Author Topic: Detect silence using DSPProc to find cuepoint  (Read 2009 times)

johan

  • Posts: 18
I've seen some code on the forums that detect how many milliseconds of silence there is before the sound goes above a dB threshold. The code is however loading the file from disk and uses ChannelGetData to process the samples.

How can I detect how many milliseconds/bytes of sound below a dB threshold has passed in a DSPProc using 32-bit floating point data? I need to do this since I'm streaming the file from the network.

Ian @ un4seen

  • Administrator
  • Posts: 20437
Re: Detect silence using DSPProc to find cuepoint
« Reply #1 on: 2 Aug '11 - 17:57 »
Could you not just count the data that the DSPPROC has received up until its level hits the threshold? :)

I guess this is the old thread that you found on the subject of silence detection...

   www.un4seen.com/forum/?topic=784

To transfer that to a DSPPROC, you would take the code following the BASS_ChannelGetData call (no need for that call as you already have data via the DSPPROC parameters). If you would like to translate the byte count to milliseconds, you can use BASS_ChannelBytes2Seconds (and mulitply by 1000).

johan

  • Posts: 18
Re: Detect silence using DSPProc to find cuepoint
« Reply #2 on: 3 Aug '11 - 15:10 »
Could you not just count the data that the DSPPROC has received up until its level hits the threshold? :)

I guess this is the old thread that you found on the subject of silence detection...

   www.un4seen.com/forum/?topic=784

To transfer that to a DSPPROC, you would take the code following the BASS_ChannelGetData call (no need for that call as you already have data via the DSPPROC parameters). If you would like to translate the byte count to milliseconds, you can use BASS_ChannelBytes2Seconds (and mulitply by 1000).

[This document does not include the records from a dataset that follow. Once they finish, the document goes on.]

Lemma qcomm_Ksinv_B : qcomm q Ks^-1 B = b *: \1%VF.
Proof.
apply: (lfun_eq_on_span W1_span) => i v; rewrite ltnS => le_id vW.
have /memv_capP [vLs vL] := vW; rewrite [RHS]scale_lfunE id_lfunE.
set t := q ^ ((2 * i)%:Z - d%:Z).
set y := Ks^-1%VF v - q ^ ((2 * (d - i))%:Z - d%:Z) *: v.
have yL : y \in lower d Vi (d - i) by exact: triangular_lower Ksinv_lower vL.
have yLs : y \in lower d Vsi i.+2.
  by apply: memvB (lower_tridiag Ksinv_tridiag vLs) _; apply/memvZ/(subvP (lowerS _ _ (leqnSn _))).
have By : B y = (q ^+ 2 * (b * t)) *: y.
  case: (ltnP i d) => [lt_id | le_di]; last first.
    move: yL; have -> : (d - i = 0)%N by apply/eqP; rewrite subn_eq0.
    by rewrite lower0 memv0 => /eqP ->; rewrite linear0 scaler0.
  rewrite (B_W1 (i := i.+1)) //; last by rewrite memv_cap subnSK // yLs yL.
  by rewrite /t mulrCA -qexpS2 //; congr (_ * q ^ _ *: _); lia.
have Kv : Ks^-1%VF v = q ^ ((2 * (d - i))%:Z - d%:Z) *: v + y by rewrite addrC subrK.
rewrite (qcomm_eigen qq0 (B_W1 le_id vW) Kv By).
by rewrite mulrCA -expfzDr // (_ : _ + _ = 0) ?mulr1 //; lia.
Qed.

Let W2 i := (upper d Vsi (d - i) :&: upper d Vi i)%VS.
Hypothesis W2_span : (\sum_(i < d.+1) W2 i)%VS = fullv.
Hypothesis Bs_W2 : forall i v, (i <= d)%N -> v \in W2 i ->
  Bs v = (bs * q ^ (d%:Z - (2 * i)%:Z)) *: v.

Lemma qcomm_Ks_Bs : qcomm q Ks Bs = bs *: \1%VF.
Proof.
apply: (lfun_eq_on_span W2_span) => i v; rewrite ltnS => le_id vW.
have /memv_capP [vUs vU] := vW; rewrite [RHS]scale_lfunE id_lfunE.
set s := q ^ (d%:Z - (2 * i)%:Z).
set y := Ks v - q ^ (d%:Z - (2 * (d - i))%:Z) *: v.
have yUs : y \in upper d Vsi (d - i).+1 by exact: triangular_upper Ks_upper vUs.
have yU : y \in upper d Vi i.-1.
  by apply: memvB (upper_tridiag Ks_tridiag vU) _; apply/memvZ/(subvP (upperS _ _ (leq_pred _))).
have Bsy : Bs y = (q ^+ 2 * (bs * s)) *: y.
  case: (posnP i) => [i0 | i_gt0].
    by move: yUs; rewrite i0 subn0 upper_out memv0 => /eqP ->; rewrite linear0 scaler0.
  rewrite (Bs_W2 (i := i.-1)).
  - by rewrite /s mulrCA -qexpS2 //; congr (_ * q ^ _ *: _); lia.
  - exact: leq_trans (leq_pred i) le_id.
  - by rewrite memv_cap (_ : d - i.-1 = (d - i).+1)%N ?yUs ?yU //; lia.
have Kv : Ks v = q ^ (d%:Z - (2 * (d - i))%:Z) *: v + y by rewrite addrC subrK.
rewrite (qcomm_eigen qq0 (Bs_W2 le_id vW) Kv Bsy).
by rewrite mulrCA -expfzDr // (_ : _ + _ = 0) ?mulr1 //; lia.
Qed.

End TDSetting.

Theorem theorem10p2 (K : closedFieldType) (q : K) (V : vectType K)
  (A As B Bs Ks : 'End(V)) (d : nat) (Vi Vsi : nat -> {vspace V})
  (a as_ b bs : K) :
  q != 0 -> (forall n : nat, (0 < n)%N -> q ^+ n != 1) ->
  fullv != (0 : {vspace V})%VS ->
  TDpair A As ->
  eig_ordering A d (fun i => a * q ^ ((2 * i)%:Z - d%:Z)) Vi -> tridiag As d Vi ->
  eig_ordering As d (fun i => as_ * q ^ (d%:Z - (2 * i)%:Z)) Vsi -> tridiag A d Vsi ->
  a != 0 -> as_ != 0 -> b != 0 -> bs != 0 ->
  let W1 i := ((\sum_(j < i.+1) Vsi j) :&: (\sum_(j < (d - i).+1) Vi j))%VS in
  let W2 i := ((\sum_(d - i <= j < d.+1) Vsi j) :&: (\sum_(i <= j < d.+1) Vi j))%VS in
  let W3 i := ((\sum_(d - i <= j < d.+1) Vsi j) :&: (\sum_(j < (d - i).+1) Vi j))%VS in
  decomposition d W1 -> decomposition d W2 -> decomposition d W3 ->
  (forall i v, (i <= d)%N -> v \in W1 i -> B v = (b * q ^ ((2 * i)%:Z - d%:Z)) *: v) ->
  (forall i v, (i <= d)%N -> v \in W2 i -> Bs v = (bs * q ^ (d%:Z - (2 * i)%:Z)) *: v) ->
  (forall i v, (i <= d)%N -> v \in W3 i -> Ks v = (q ^ ((2 * i)%:Z - d%:Z)) *: v) ->
  [/\ (q - q^-1)^-1 *: (q *: (A \o Ks)%VF - q^-1 *: (Ks \o A)%VF) = a *: \1%VF,
      (q - q^-1)^-1 *: (q *: (Ks^-1 \o B)%VF - q^-1 *: (B \o Ks^-1)%VF) = b *: \1%VF,
      (q - q^-1)^-1 *: (q *: (As \o Ks^-1)%VF - q^-1 *: (Ks^-1 \o As)%VF) = as_ *: \1%VF &
      (q - q^-1)^-1 *: (q *: (Ks \o Bs)%VF - q^-1 *: (Bs \o Ks)%VF) = bs *: \1%VF].
Proof.
move=> q0 qN1 _ _ eA tAs eAs tA a0 as0 _ _ W1 W2 W3 [_ _ W1_span] [_ _ W2_span] [_ _ W3_span].
move=> B_W1 Bs_W2 Ks_W3.
have W1E i : (i <= d)%N -> W1 i = (lower d Vsi i.+1 :&: lower d Vi (d - i).+1)%VS.
  by move=> le_id; rewrite /W1 !(sum_lower (d := d)) // ltnS leq_subr.
have W2E i : W2 i = (upper d Vsi (d - i) :&: upper d Vi i)%VS by rewrite /W2 !sum_upper.
have W3E i : (i <= d)%N -> W3 i = (upper d Vsi (d - i) :&: lower d Vi (d - i).+1)%VS.
  by move=> le_id; rewrite /W3 sum_upper (sum_lower (d := d)) // ltnS leq_subr.
rewrite (eq_bigr _ (fun (i : 'I_d.+1) _ => W1E i (ltn_ord i))) in W1_span.
rewrite (eq_bigr _ (fun (i : 'I_d.+1) _ => W2E i)) in W2_span.
rewrite (eq_bigr _ (fun (i : 'I_d.+1) _ => W3E i (ltn_ord i))) in W3_span.
have Ks_W3' i v : (i <= d)%N -> v \in (upper d Vsi (d - i) :&: lower d Vi (d - i).+1)%VS ->
    Ks v = q ^ ((2 * i)%:Z - d%:Z) *: v.
  by move=> le_id; rewrite -W3E //; exact: Ks_W3.
split.
- exact: qcomm_A_Ks q0 qN1 eA tA W3_span Ks_W3'.
- apply: (qcomm_Ksinv_B q0 qN1 eA tAs eAs tA W3_span Ks_W3' a0 as0 W1_span) => i v le_id.
  by rewrite -W1E //; exact: B_W1.
- exact: qcomm_As_Ksinv q0 qN1 tAs eAs W3_span Ks_W3'.
- apply: (qcomm_Ks_Bs q0 qN1 eA tAs eAs tA W3_span Ks_W3' a0 as0 W2_span) => i v le_id.
  by rewrite -W2E; exact: Bs_W2.
Qed.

I tried using the code below, but it's triggering too fast, it's missing like 30-40 ms of complete silence. Does it have something to do with buffer lengths etc.? The DSP is on a decoding channel. I want it to trigger at a rather high volume level, e.g. a kick. I'm trying to find the first beat of a house track.

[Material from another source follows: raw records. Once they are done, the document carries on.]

(* Let $p$ be a stochastic choice function on $X$. The following are equivalent: (i) $p$ is rationalized by an MSC $\langle Q,\nu\rangle$ such that for every $M\in\mathcal N$ the matrix $Q(M)$ is fully comparable and reversible on $M$; (ii) $p$ is positive and satisfies independence of irrelevant alternatives, i.e. $p(i,\{i,j\})\,p(j,M)=p(j,\{i,j\})\,p(i,M)$ for all $M\in\mathcal N$ and $i,j\in M$; (iii) $p$ is rationalized by an MSC $\langle Q,\nu\rangle$ for which there is a function $u:X\to(0,\infty)$ such that for all $M\in\mathcal N$ and distinct $i,j\in M$, $q_{ij}(M)>0$ and $\dfrac{q_{ij}(M)}{q_{ji}(M)}=\dfrac{u(j)}{u(i)}$.
   Context: $X$ is a finite set of alternatives; a menu is a nonempty subset of $X$, and $\mathcal N$ denotes the set of all menus. A stochastic choice function is a map $p:X\times\mathcal N\to[0,1]$ with $\sum_{i\in M}p(i,M)=1$ and $p(i,M)=0$ for $i\notin M$; $p(\cdot,M)$ denotes the row vector $(p(i,M))_{i\in M}$. $p$ is positive if $p(i,M)>0$ for all $M\in\mathcal N$ and $i\in M$. An MSC (Markov stochastic choice model) $\langle Q,\nu\rangle$ consists of, for every menu $M$, a matrix $Q(M)=(q_{ij}(M))_{i,j\in M}$ with nonnegative entries and a probability distribution $\nu_M$ on $M$, such that for all $M\in\mathcal N$ and distinct $i,j\in M$: (A1) $q_{ii}(M)=1-\sum_{k\neq i}q_{ik}(M)>0$; (A2) if $q_{ij}(\{i,j\})=0$ then $q_{ji}(\{i,j\})>0$; (A3) $q_{ij}(\{i,j\})\,q_{ji}(M)=q_{ji}(\{i,j\})\,q_{ij}(M)$. For a right stochastic matrix $Q$ on $M$ and a distribution $\nu$ on $M$ define $\rho(\nu,Q)=\lim_{\alpha\to0^+}\sum_{t\ge0}\alpha(1-\alpha)^t\nu Q^t$ (the limit exists and satisfies $\rho(\nu,Q)(I-Q)=0$). $p$ is rationalized by the MSC $\langle Q,\nu\rangle$ if $p(\cdot,M)=\rho(\nu_M,Q(M))$ for every $M\in\mathcal N$. $Q(M)$ is fully comparable if $q_{ij}(M)>0$ for all distinct $i,j\in M$. $Q(M)$ is reversible on $M$ if, with $\rho=\rho(\nu_M,Q(M))$, $q_{ji}(M)\rho_j=\rho_i\,q_{ij}(M)$ for all $i,j\in M$. *)

From HB Require Import structures.
From mathcomp Require Import all_boot all_order all_algebra.
From mathcomp Require Import all_classical all_reals all_analysis.
Set Implicit Arguments. Unset Strict Implicit. Unset Printing Implicit Defensive.
Import Order.TTheory GRing.Theory Num.Theory.
Import numFieldNormedType.Exports.
Local Open Scope ring_scope.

Should I use a short instead of a byte for the buffer? What are some appropriate numbers for a threshold? Is something invalid in the code below?

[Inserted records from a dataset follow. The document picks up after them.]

(* Let $X$ be a topological space, let $Y$ and $Z$ be locally compact Hausdorff spaces, let $f_1\colon X\to Y$ be continuous and let $f_2\colon Y\to Z$ be proper and continuous. Then $\beta_Y(X,f_1)\cong\beta_Z(X,f_2\circ f_1)$.
   Context: For a locally compact Hausdorff space $B$ and a space $X$ with continuous $r\colon X\to B$, let $H_{(X,r)}\subseteq\mathrm{C_b}(X)$ be the closed linear span of products $g\cdot(h\circ r)$ with $g\in\mathrm{C_b}(X)$, $h\in\mathrm C_0(B)$; the relative Stone--Čech compactification $\beta_B(X,r)$ is the spectrum of the commutative C*-algebra $H_{(X,r)}$, with canonical map $i\colon X\to\beta_B(X,r)$ sending $x$ to evaluation at $x$. *)

(* Scalars: the complex numbers
   C := R[i] over an arbitrary realType R (i.e. over the real numbers),
   with the norm topology coming from its numFieldType structure ((_)^o). *)
From HB Require Import structures.
From mathcomp Require Import all_boot all_order all_algebra.
From mathcomp Require Import complex.
From mathcomp Require Import all_classical all_reals all_analysis.
Set Implicit Arguments. Unset Strict Implicit. Unset Printing Implicit Defensive.
Import Order.TTheory GRing.Theory Num.Theory.
Import numFieldNormedType.Exports.
Local Open Scope ring_scope.
Local Open Scope classical_set_scope.

Definition Cx (R : realType) := ((R[i])%C)^o.

Definition Cb (R : realType) (X : topologicalType) (f : X -> Cx R) : Prop :=
  continuous f /\ exists M : Cx R, forall x, `|f x| <= M.

Definition C0 (R : realType) (B : topologicalType) (h : B -> Cx R) : Prop :=
  continuous h /\
  forall eps : Cx R, 0 < eps -> compact [set b | eps <= `|h b|].

Definition rel_span (R : realType) (X B : topologicalType) (r : X -> B)
  (p : X -> Cx R) : Prop :=
  exists (n : nat) (c : 'I_n -> Cx R) (g : 'I_n -> X -> Cx R)
         (h : 'I_n -> B -> Cx R),
    (forall i, Cb (g i)) /\ (forall i, C0 (h i)) /\
    p = (fun x => \sum_(i < n) c i * (g i x * h i (r x))).

Definition H_alg (R : realType) (X B : topologicalType) (r : X -> B)
  (f : X -> Cx R) : Prop :=
  Cb f /\ forall eps : Cx R, 0 < eps ->
    exists p, rel_span r p /\ forall x, `|f x - p x| <= eps.

(* A character (nonzero multiplicative linear functional) of a
   subalgebra A of the functions X -> C; it is represented by a total
   functional on X -> C that is 0 outside A (canonical extension), so
   that characters correspond bijectively to these functionals. *)
Definition character (R : realType) (X : Type) (A : set (X -> Cx R))
  (phi : (X -> Cx R) -> Cx R) : Prop :=
  [/\ forall f, ~ A f -> phi f = 0,
      forall f g, A f -> A g -> phi (fun x => f x + g x) = phi f + phi g,
      forall (a : Cx R) f, A f -> phi (fun x => a * f x) = a * phi f,
      forall f g, A f -> A g -> phi (fun x => f x * g x) = phi f * phi g
    & (exists2 f, A f & phi f != 0)].

(* Gelfand spectrum of A with the weak-* topology, realised as a subspace of
   the pointwise-convergence space of functionals (the coordinates outside A
   are constantly 0, so the subspace topology is the weak-* topology). *)
Definition spectrum (R : realType) (X : Type) (A : set (X -> Cx R))
  : set {ptws (X -> Cx R) -> Cx R} :=
  [set phi | character A phi].

Definition rel_beta (R : realType) (X B : topologicalType) (r : X -> B)
  : set {ptws (X -> Cx R) -> Cx R} :=
  spectrum (H_alg r).

Definition homeomorphic (T U : topologicalType) (A : set T) (B : set U) : Prop :=
  exists (f : T -> U) (g : U -> T),
    [/\ ({within A, continuous f}), ({within B, continuous g}),
        (f @` A `<=` B /\ g @` B `<=` A),
        (forall a, A a -> g (f a) = a) & (forall b, B b -> f (g b) = b)].

Definition proper_map (T U : topologicalType) (f : T -> U) : Prop :=
  forall K : set U, compact K -> compact (f @^-1` K).

(* H_(X,f1) and H_(X,f2 o f1) are the same subalgebra of C_b(X), so the two
   spectra are literally equal.  If h is in C_0(Z) then h o f2 is in C_0(Y)
   because f2 is proper.  Conversely, for h in C_0(Y) and d > 0 the set
   {|h| >= d} is compact, so a Urysohn function k in C_0(Z) equal to 1 on its
   image under f2 gives |h - h (k o f2)| <= d; hence every generator
   g (h o f1) is a uniform limit of generators g (h o f1) (k o f2 o f1) of
   H_(X,f2 o f1). *)

From HB Require Import structures.
From mathcomp Require Import all_boot all_order all_algebra.
From mathcomp Require Import complex.
From mathcomp Require Import all_classical all_reals all_analysis.
Import Order.TTheory GRing.Theory Num.Theory.
Import numFieldNormedType.Exports.
Local Open Scope classical_set_scope.
Local Open Scope ring_scope.

Section ComplexScalars.
Variable R : realType.

Lemma norm_real_complex (a : R) : `|(a%:C)%C : Cx R| = (`|a|%:C)%C.
Proof. by rewrite normc_def /= expr0n /= addr0 sqrtr_sqr. Qed.

Lemma complex_gt0_real (e : Cx R) :
  0 < e -> e = ((complex.Re e)%:C)%C /\ 0 < complex.Re e.
Proof. by case: e => a b; rewrite ltcE /= => /andP[/eqP -> a0]. Qed.

Lemma continuous_real_complex : continuous (fun r : R => (r%:C)%C : Cx R).
Proof.
move=> x; apply/(@cvgrPdist_lt _ (Cx R) _ (nbhs x)) => e /complex_gt0_real [-> e0].
have near_x : \forall t \near x, `|x - t| < complex.Re e.
  by move: (@cvg_id _ (nbhs x)) => /cvgrPdist_lt; apply.
near=> y; have /= xy := near near_x y.
have -> : ((x%:C)%C - (y%:C)%C : Cx R) = ((x - y)%:C)%C.
  by apply/eqP; rewrite eq_complex /= subrr !eqxx.
by rewrite norm_real_complex ltcR.
Unshelve. all: by end_near. Qed.

Lemma continuous_Re : continuous (fun z : Cx R => complex.Re z).
Proof.
move=> z; apply/(@cvgrPdist_lt _ R^o _ (nbhs (z : Cx R))) => e e0.
have near_z : \forall t \near z, `|z - t| < (e%:C)%C.
  by apply: (proj1 (@cvgrPdist_lt _ (Cx R) _ (nbhs z) _ id z) cvg_id); rewrite ltcR.
near=> t; have zt : `|z - t| < (e%:C)%C by near: t.
have Re_zt : complex.Re (z - t) = complex.Re z - complex.Re t.
  by case: (z) => ? ?; case: (t).
by have := le_lt_trans (normc_ge_Re (z - t)) zt; rewrite ltcR Re_zt.
Unshelve. all: by end_near. Qed.

End ComplexScalars.

Section CompactlySupportedUrysohn.
Variables (R : realType) (Z : topologicalType).
Hypotheses (hZ : hausdorff_space Z) (lcZ : locally_compact [set: Z]).

Lemma one_point_urysohn (C : set Z) : compact C ->
  exists f : one_point_compactification Z -> R,
    [/\ continuous f, f None = 0, (forall z, 0 <= f z <= 1) &
        forall z, C z -> f (Some z) = 1].
Proof.
move=> cC; pose Zs := one_point_compactification Z.
have hZs : hausdorff_space Zs by exact: one_point_compactification_hausdorff.
have nZs : normal_space Zs.
  by apply: compact_normal => //; exact: one_point_compactification_compact.
have cC' : compact (Some @` C : set Zs).
  apply: continuous_compact => //; apply: continuous_subspaceT.
  exact: one_point_compactification_some_continuous.
have clN : closed ([set None] : set Zs).
  exact/accessible_closed_set1/hausdorff_accessible.
have disjN : [set None] `&` (Some @` C : set Zs) = set0.
  by apply/seteqP; split => // x [-> [? _]].
have /(@uniform_separatorP _ R) [f [cf f01 f0 f1]] :=
  (proj1 (@normal_separatorP R Zs) nZs) _ _ clN (compact_closed hZs cC') disjN.
exists f; split => //.
- by apply: f0; exists None.
- by move=> z; have := f01 (f z) (ex_intro2 _ _ z I erefl); rewrite /= in_itv.
- by move=> z Cz; apply: f1; exists (Some z) => //; exists z.
Qed.

Lemma compactly_supported_urysohn (C : set Z) : compact C ->
  exists k : Z -> R, [/\ continuous k, (forall z, 0 <= k z <= 1),
    (forall z, C z -> k z = 1) &
    (forall e : R, 0 < e -> compact [set z | e <= k z])].
Proof.
move=> /one_point_urysohn [f [cf fN f01 f1]].
have ck : continuous (f \o Some).
  move=> z; apply: continuous_comp; last exact: cf.
  exact: one_point_compactification_some_continuous.
exists (f \o Some); split => // [z|e e0]; first exact: f01.
(* {e <= k} misses a neighbourhood of infinity, i.e. lies in a compact set *)
have : (f @ (nbhs (None : one_point_compactification Z))) [set x | x < e].
  by apply: (cf None); apply: open_nbhs_nbhs; split; [exact: open_lt | rewrite /= fN].
move=> /= [K [cK clK] KW]; apply: (subclosed_compact _ cK).
  exact: (proj1 (continuous_closedP _) ck _ (@closed_ge R e)).
move=> z /= ez; apply: contrapT => Kz.
have : f (Some z) < e by apply: KW; left; exists z.
by rewrite ltNge ez.
Qed.

End CompactlySupportedUrysohn.

Section VanishingAtInfinity.
Context {R : realType}.

Lemma C0_real_complex (Z : topologicalType) (k : Z -> R) :
  continuous k -> (forall z, 0 <= k z) ->
  (forall e : R, 0 < e -> compact [set z | e <= k z]) ->
  C0 (fun z => (k z)%:C%C : Cx R).
Proof.
move=> ck k0 kK; split.
  by move=> z; apply: continuous_comp; [exact: ck | exact: continuous_real_complex].
move=> e /complex_gt0_real [-> e0].
suff -> : [set z | ((complex.Re e)%:C)%C <= `|((k z)%:C)%C : Cx R|] =
          [set z | complex.Re e <= k z] by exact: kK.
by apply/seteqP; split => z /=; rewrite norm_real_complex ger0_norm // lecR.
Qed.

Lemma C0_bounded {Y : topologicalType} {h : Y -> Cx R} :
  C0 h -> exists M : Cx R, forall y, `|h y| <= M.
Proof.
move=> [ch hK]; pose nh y := complex.Re `|h y|.
have cnh : continuous nh.
  move=> y; apply: continuous_comp; last exact: continuous_Re.
  by apply: continuous_comp; [exact: ch | exact: norm_continuous].
have cK : compact (nh @` [set y | 1 <= `|h y|]).
  by apply: continuous_compact; [exact: continuous_subspaceT | exact: hK].
have [M M0 HM] := pinfty_ex_gt0 (compact_bounded cK).
exists (M%:C%C + 1) => y; have [hy|hy] := pselect (1 <= `|h y|).
  have hyM : nh y <= M := le_trans (ler_norm _) (HM _ (ex_intro2 _ _ y hy erefl)).
  have -> : `|h y| = (nh y)%:C%C by rewrite RRe_real ?normr_real.
  by apply: (@le_trans _ _ M%:C%C); [rewrite lecR | rewrite lerDl ler01].
apply: (@le_trans _ _ 1); last by rewrite lerDr -[0 : Cx R]/((0 : R)%:C)%C lecR ltW.
by apply/ltW; rewrite real_ltNge ?normr_real ?(gtr0_real ltr01); exact/negP.
Qed.

Lemma C0_comp_proper (Y Z : topologicalType) (f : Y -> Z) (h : Z -> Cx R) :
  continuous f -> proper_map f -> C0 h -> C0 (h \o f).
Proof.
move=> cf pf [ch hK]; split; last by move=> e e0; exact: pf _ (hK e e0).
by move=> y; apply: continuous_comp; [exact: cf | exact: ch].
Qed.

Lemma C0_cutoff_approx {Y Z : topologicalType} {f : Y -> Z} {h : Y -> Cx R}
    {d : Cx R} :
  hausdorff_space Z -> locally_compact [set: Z] -> continuous f ->
  C0 h -> 0 < d ->
  exists k : Z -> Cx R, C0 k /\ forall y, `|h y - h y * k (f y)| <= d.
Proof.
move=> hZ lcZ cf [ch hK] d0.
have cK : compact (f @` [set y | d <= `|h y|]).
  by apply: continuous_compact; [exact: continuous_subspaceT | exact: hK].
have [k [ck k01 k1 kK]] := @compactly_supported_urysohn R Z hZ lcZ _ cK.
exists (fun z => (k z)%:C%C); split.
  by apply: C0_real_complex => // z; case/andP: (k01 z).
move=> y; have [hy|hy] := pselect (d <= `|h y|).
  by rewrite k1 ?mulr1 ?subrr ?normr0 ?ltW //; exists y.
have {}hy : `|h y| < d by rewrite real_ltNge ?normr_real ?gtr0_real //; exact/negP.
have -> : h y - h y * (k (f y))%:C%C = h y * ((1 - k (f y))%:C)%C.
  by rewrite -[X in X - _]mulr1 -mulrBr; congr (_ * _); apply/eqP;
     rewrite eq_complex /= oppr0 addr0 !eqxx.
rewrite normrM norm_real_complex; apply: le_trans (ltW hy).
rewrite ler_piMr // -[1 : Cx R]/((1 : R)%:C)%C lecR.
by case/andP: (k01 (f y)) => k0 k1'; rewrite ger0_norm ?subr_ge0 // lerBlDr lerDl.
Qed.

End VanishingAtInfinity.

Section RelativeAlgebra.
Context {R : realType} {X Y Z : topologicalType} {f1 : X -> Y} {f2 : Y -> Z}.
Hypotheses (hZ : hausdorff_space Z) (lcZ : locally_compact [set: Z]).
Hypotheses (cf1 : continuous f1) (cf2 : continuous f2).

Lemma H_alg_comp_proper (f : X -> Cx R) :
  proper_map f2 -> H_alg (f2 \o f1) f -> H_alg f1 f.
Proof.
move=> pf2 [Cf Hf]; split => // eps /Hf [p [[n [c [g [h [Cg [Ch ->]]]]]] fp]].
exists (fun x => \sum_(i < n) c i * (g i x * (h i \o f2) (f1 x))); split => //.
exists n, c, g, (fun i => h i \o f2); do 2!split => //.
by move=> i; exact: C0_comp_proper.
Qed.

Lemma rel_span_term_approx_comp (c : Cx R) {g : X -> Cx R} {h : Y -> Cx R}
    {eps : Cx R} :
  Cb g -> C0 h -> 0 < eps ->
  exists (g' : X -> Cx R) (k : Z -> Cx R), [/\ Cb g', C0 k &
    forall x, `|c * (g x * h (f1 x)) - c * (g' x * k (f2 (f1 x)))| <= eps].
Proof.
move=> [cg [M gM]] Ch eps0; have [Mh hMh] := C0_bounded Ch.
pose a := `|c| * `|M|.
have a0 : 0 <= a by rewrite mulr_ge0.
have d0 : 0 < eps / (a + 1) by rewrite divr_gt0 // ltr_wpDl.
have [k [Ck hk]] := C0_cutoff_approx hZ lcZ cf2 Ch d0.
exists (fun x => g x * h (f1 x)), k; split => //.
  split.
    move=> x; apply: continuousM; first exact: cg.
    by apply: continuous_comp; [exact: cf1 | exact: (proj1 Ch)].
  by exists (M * Mh) => x; rewrite normrM ler_pM.
move=> x; rewrite -mulrBr -mulrA -mulrBr !normrM mulrA.
have gxM : `|g x| <= `|M|.
  by rewrite (ger0_norm (le_trans (normr_ge0 _) (gM x))).
apply: (@le_trans _ _ (a * (eps / (a + 1)))).
  by rewrite ler_pM ?mulr_ge0 ?ler_wpM2l.
by rewrite mulrA ler_pdivrMr ?ltr_wpDl // mulrC mulrDr mulr1 lerDl ltW.
Qed.

Lemma rel_span_approx_comp {p : X -> Cx R} {eps : Cx R} :
  rel_span f1 p -> 0 < eps ->
  exists q, rel_span (f2 \o f1) q /\ forall x, `|p x - q x| <= eps.
Proof.
move=> [n [c [g [h [Cg [Ch ->]]]]]] eps0.
have e0 : 0 < eps / n.+1%:R by rewrite divr_gt0 ?ltr0Sn.
have [gk approx_gk] := choice (fun i =>
  rel_span_term_approx_comp (c i) (Cg i) (Ch i) e0).
have [k approx_k] := choice (fun i => approx_gk i).
exists (fun x => \sum_(i < n) c i * (gk i x * k i (f2 (f1 x)))); split.
  exists n, c, gk, k; split=> [i|]; first by case: (approx_k i).
  by split=> // i; case: (approx_k i).
move=> x; rewrite -sumrB; apply: le_trans (ler_norm_sum _ _ _) _.
apply: (@le_trans _ _ (\sum_(i < n) eps / n.+1%:R)).
  by apply: ler_sum => i _; case: (approx_k i) => _ _; apply.
rewrite sumr_const card_ord [leRHS](_ : eps = (eps / n.+1%:R) *+ n.+1).
  exact: ler_wpMn2l (ltW e0) _ _ (leqnSn n).
by rewrite -mulr_natr divfK ?pnatr_eq0.
Qed.

Lemma H_alg_sub_comp (f : X -> Cx R) : H_alg f1 f -> H_alg (f2 \o f1) f.
Proof.
move=> [Cf Hf]; split => // eps eps0.
have eps20 : 0 < eps / 2 by rewrite divr_gt0.
have [p [Sp fp]] := Hf _ eps20.
have [q [Sq pq]] := rel_span_approx_comp Sp eps20.
exists q; split => // x.
by rewrite [eps]splitr; apply: le_trans (ler_distD (p x) _ _) _; apply: lerD.
Qed.

Lemma H_alg_comp_eq : proper_map f2 -> H_alg f1 = H_alg (R:=R) (f2 \o f1).
Proof.
move=> pf2; apply/funext => f; apply/propext; split.
  exact: H_alg_sub_comp.
exact: H_alg_comp_proper.
Qed.

End RelativeAlgebra.

Lemma homeomorphic_refl (T : topologicalType) (A : set T) : homeomorphic A A.
Proof.
exists id, id; split => //; last by split => _ [a Aa <-].
all: by apply: continuous_subspaceT => x; exact: cvg_id.
Qed.

Theorem lemma4p12 (R : realType) (X Y Z : topologicalType)
  (f1 : X -> Y) (f2 : Y -> Z) :
  hausdorff_space Y -> locally_compact [set: Y] ->
  hausdorff_space Z -> locally_compact [set: Z] ->
  continuous f1 -> continuous f2 -> proper_map f2 ->
  homeomorphic (@rel_beta R X Y f1) (@rel_beta R X Z (f2 \o f1)).
Proof.
move=> _ _ hZ lcZ cf1 cf2 pf2.
by rewrite /rel_beta (H_alg_comp_eq hZ lcZ cf1 cf2 pf2); exact: homeomorphic_refl.
Qed.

Thanks so much for your reply!

Code: [Select]
void CALLBACK countSilenceCallback(HDSP handle, DWORD channel, void *buffer, DWORD length, void *user)
{
    Channel *self = user;
   
    BYTE *buf = (BYTE*)buffer;
    int threshold = 254;
    int a,b = length; // decode some data
    b /= 2; // bytes -> samples
    for (a=0; a < b && abs(buf[a]) <= threshold; a++) ; // count silent samples
    self.cueByte += a * 2; // add number of silent bytes

    if (a < b) { // sound has begun!
        self.firstBeatPosition = BASS_ChannelBytes2Seconds(channel, self.cueByte);
        NSLog(@"Cue at byte: %i", self.cueByte);
        NSLog(@"Cue at position: %f", self.firstBeatPosition);
        BASS_ChannelRemoveDSP(channel, handle);
    }
}

Ian @ un4seen

  • Administrator
  • Posts: 20437
Re: Detect silence using DSPProc to find cuepoint
« Reply #3 on: 3 Aug '11 - 17:55 »
Should I use a short instead of a byte for the buffer? What are some appropriate numbers for a threshold? Is something invalid in the code below?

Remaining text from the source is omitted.